■ Assigned task
Look through the data for the string "first". Copy every line where it is found.

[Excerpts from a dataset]
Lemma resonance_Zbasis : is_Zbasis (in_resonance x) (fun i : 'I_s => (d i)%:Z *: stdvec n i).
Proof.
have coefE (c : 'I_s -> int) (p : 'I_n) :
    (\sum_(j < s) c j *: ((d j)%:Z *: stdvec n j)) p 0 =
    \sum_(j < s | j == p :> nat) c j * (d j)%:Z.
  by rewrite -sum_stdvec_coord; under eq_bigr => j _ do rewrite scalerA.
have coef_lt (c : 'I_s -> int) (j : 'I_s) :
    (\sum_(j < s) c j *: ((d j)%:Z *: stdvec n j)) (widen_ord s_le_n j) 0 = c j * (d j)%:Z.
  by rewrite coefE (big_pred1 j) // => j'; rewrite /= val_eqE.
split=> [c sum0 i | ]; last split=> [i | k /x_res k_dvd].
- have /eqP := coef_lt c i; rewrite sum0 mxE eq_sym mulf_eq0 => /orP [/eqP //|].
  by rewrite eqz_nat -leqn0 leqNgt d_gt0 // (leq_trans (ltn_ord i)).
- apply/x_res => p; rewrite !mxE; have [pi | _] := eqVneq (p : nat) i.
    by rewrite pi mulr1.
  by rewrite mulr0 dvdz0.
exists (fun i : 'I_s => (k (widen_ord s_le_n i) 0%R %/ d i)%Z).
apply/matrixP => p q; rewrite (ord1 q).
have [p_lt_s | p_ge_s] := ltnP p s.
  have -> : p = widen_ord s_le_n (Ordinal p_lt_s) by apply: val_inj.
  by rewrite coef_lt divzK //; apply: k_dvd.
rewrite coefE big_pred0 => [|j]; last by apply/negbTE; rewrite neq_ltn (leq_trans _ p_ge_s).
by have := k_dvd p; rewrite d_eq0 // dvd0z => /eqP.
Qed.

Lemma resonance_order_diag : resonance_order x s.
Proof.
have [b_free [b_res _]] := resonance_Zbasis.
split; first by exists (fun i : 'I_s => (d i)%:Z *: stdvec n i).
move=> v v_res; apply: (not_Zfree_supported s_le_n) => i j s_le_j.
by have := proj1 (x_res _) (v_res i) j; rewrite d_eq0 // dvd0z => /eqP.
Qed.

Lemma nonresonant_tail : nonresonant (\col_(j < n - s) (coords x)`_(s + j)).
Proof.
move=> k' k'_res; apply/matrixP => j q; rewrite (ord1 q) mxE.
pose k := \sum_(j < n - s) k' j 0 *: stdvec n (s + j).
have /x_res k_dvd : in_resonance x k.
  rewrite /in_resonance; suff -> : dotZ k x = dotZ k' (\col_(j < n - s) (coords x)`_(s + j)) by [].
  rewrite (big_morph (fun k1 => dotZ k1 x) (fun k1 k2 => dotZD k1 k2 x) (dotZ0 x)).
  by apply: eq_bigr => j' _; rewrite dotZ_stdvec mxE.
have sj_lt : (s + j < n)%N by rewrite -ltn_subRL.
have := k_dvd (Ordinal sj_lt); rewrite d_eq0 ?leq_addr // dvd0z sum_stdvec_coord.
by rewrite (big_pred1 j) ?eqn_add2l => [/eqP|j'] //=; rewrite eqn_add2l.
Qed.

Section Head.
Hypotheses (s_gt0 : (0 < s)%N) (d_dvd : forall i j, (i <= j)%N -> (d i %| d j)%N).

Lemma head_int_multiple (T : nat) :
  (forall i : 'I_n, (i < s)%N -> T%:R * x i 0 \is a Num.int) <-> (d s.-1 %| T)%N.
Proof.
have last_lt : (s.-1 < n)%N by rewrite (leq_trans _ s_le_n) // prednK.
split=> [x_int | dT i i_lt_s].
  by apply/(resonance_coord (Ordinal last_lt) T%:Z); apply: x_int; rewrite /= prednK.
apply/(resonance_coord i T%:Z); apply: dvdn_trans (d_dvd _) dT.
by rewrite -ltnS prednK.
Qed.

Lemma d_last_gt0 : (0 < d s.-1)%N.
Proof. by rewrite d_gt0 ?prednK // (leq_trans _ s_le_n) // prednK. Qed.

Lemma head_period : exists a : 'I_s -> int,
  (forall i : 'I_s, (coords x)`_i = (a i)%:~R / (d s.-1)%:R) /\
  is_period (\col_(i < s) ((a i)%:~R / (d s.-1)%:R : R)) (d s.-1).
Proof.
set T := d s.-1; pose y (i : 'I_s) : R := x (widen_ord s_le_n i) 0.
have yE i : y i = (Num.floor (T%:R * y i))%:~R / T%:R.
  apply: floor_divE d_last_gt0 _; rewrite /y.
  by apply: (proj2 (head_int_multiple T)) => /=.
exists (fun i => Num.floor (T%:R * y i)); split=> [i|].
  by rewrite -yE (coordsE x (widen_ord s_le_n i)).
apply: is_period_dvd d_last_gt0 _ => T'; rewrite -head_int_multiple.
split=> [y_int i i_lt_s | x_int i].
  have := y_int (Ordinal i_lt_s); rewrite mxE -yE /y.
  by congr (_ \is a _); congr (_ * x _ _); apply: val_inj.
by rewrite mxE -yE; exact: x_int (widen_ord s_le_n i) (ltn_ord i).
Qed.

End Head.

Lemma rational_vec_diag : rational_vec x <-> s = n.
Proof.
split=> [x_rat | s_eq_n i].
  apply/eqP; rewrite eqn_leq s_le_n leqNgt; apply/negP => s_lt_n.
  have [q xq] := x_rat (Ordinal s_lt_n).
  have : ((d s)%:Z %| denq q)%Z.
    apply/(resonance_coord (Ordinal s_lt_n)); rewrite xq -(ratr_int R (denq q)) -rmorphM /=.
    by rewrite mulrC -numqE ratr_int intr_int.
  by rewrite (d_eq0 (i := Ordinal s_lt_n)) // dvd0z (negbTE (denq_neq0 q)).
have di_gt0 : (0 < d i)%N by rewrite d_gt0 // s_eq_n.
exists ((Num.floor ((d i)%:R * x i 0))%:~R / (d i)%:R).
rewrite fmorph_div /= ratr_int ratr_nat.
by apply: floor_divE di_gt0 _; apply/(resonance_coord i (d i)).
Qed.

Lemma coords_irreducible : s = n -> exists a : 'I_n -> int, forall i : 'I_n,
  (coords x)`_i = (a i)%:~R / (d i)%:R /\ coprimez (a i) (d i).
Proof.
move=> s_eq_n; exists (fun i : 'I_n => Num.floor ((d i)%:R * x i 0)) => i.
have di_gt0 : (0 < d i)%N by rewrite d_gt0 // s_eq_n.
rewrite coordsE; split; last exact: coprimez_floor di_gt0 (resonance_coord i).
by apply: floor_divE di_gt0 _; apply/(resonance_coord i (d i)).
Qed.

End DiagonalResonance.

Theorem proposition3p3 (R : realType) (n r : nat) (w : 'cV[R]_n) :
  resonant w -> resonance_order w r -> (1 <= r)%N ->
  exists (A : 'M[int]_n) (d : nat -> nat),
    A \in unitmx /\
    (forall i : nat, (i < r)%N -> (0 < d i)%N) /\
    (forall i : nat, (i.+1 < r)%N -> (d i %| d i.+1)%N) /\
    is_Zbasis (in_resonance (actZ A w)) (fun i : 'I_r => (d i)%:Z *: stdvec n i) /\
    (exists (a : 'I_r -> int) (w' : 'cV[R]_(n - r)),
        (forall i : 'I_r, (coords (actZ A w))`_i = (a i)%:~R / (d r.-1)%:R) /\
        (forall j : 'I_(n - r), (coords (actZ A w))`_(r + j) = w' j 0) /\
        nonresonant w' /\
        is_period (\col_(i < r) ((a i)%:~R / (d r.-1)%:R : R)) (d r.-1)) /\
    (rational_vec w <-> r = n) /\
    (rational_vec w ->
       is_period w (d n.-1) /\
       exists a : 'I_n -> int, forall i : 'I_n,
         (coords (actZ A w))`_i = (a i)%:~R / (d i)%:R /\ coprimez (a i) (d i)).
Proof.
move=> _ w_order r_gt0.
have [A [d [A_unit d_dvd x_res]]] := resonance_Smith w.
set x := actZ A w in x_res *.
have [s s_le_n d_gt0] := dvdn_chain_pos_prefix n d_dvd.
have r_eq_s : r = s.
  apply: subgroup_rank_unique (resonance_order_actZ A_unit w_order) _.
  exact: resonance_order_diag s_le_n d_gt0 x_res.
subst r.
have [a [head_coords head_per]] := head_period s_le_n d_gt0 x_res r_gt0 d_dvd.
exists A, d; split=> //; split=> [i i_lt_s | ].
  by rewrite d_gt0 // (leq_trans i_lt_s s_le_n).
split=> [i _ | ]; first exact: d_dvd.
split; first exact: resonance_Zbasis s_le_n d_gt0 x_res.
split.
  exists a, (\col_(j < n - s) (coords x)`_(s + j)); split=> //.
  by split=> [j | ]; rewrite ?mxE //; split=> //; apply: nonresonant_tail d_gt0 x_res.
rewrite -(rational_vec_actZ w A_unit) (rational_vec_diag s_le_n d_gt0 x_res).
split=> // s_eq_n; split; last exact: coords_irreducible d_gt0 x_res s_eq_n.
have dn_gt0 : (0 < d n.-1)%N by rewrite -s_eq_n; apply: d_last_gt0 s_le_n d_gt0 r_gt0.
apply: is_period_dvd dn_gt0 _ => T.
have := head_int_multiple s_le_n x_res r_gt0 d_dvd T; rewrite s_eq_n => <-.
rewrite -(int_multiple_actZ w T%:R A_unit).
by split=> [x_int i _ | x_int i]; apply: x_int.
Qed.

■ Exercise response
split; first by exists (fun i : 'I_s => (d i)%:Z *: stdvec n i).
split=> [i _ | ]; first exact: d_dvd.
split; first exact: resonance_Zbasis s_le_n d_gt0 x_res.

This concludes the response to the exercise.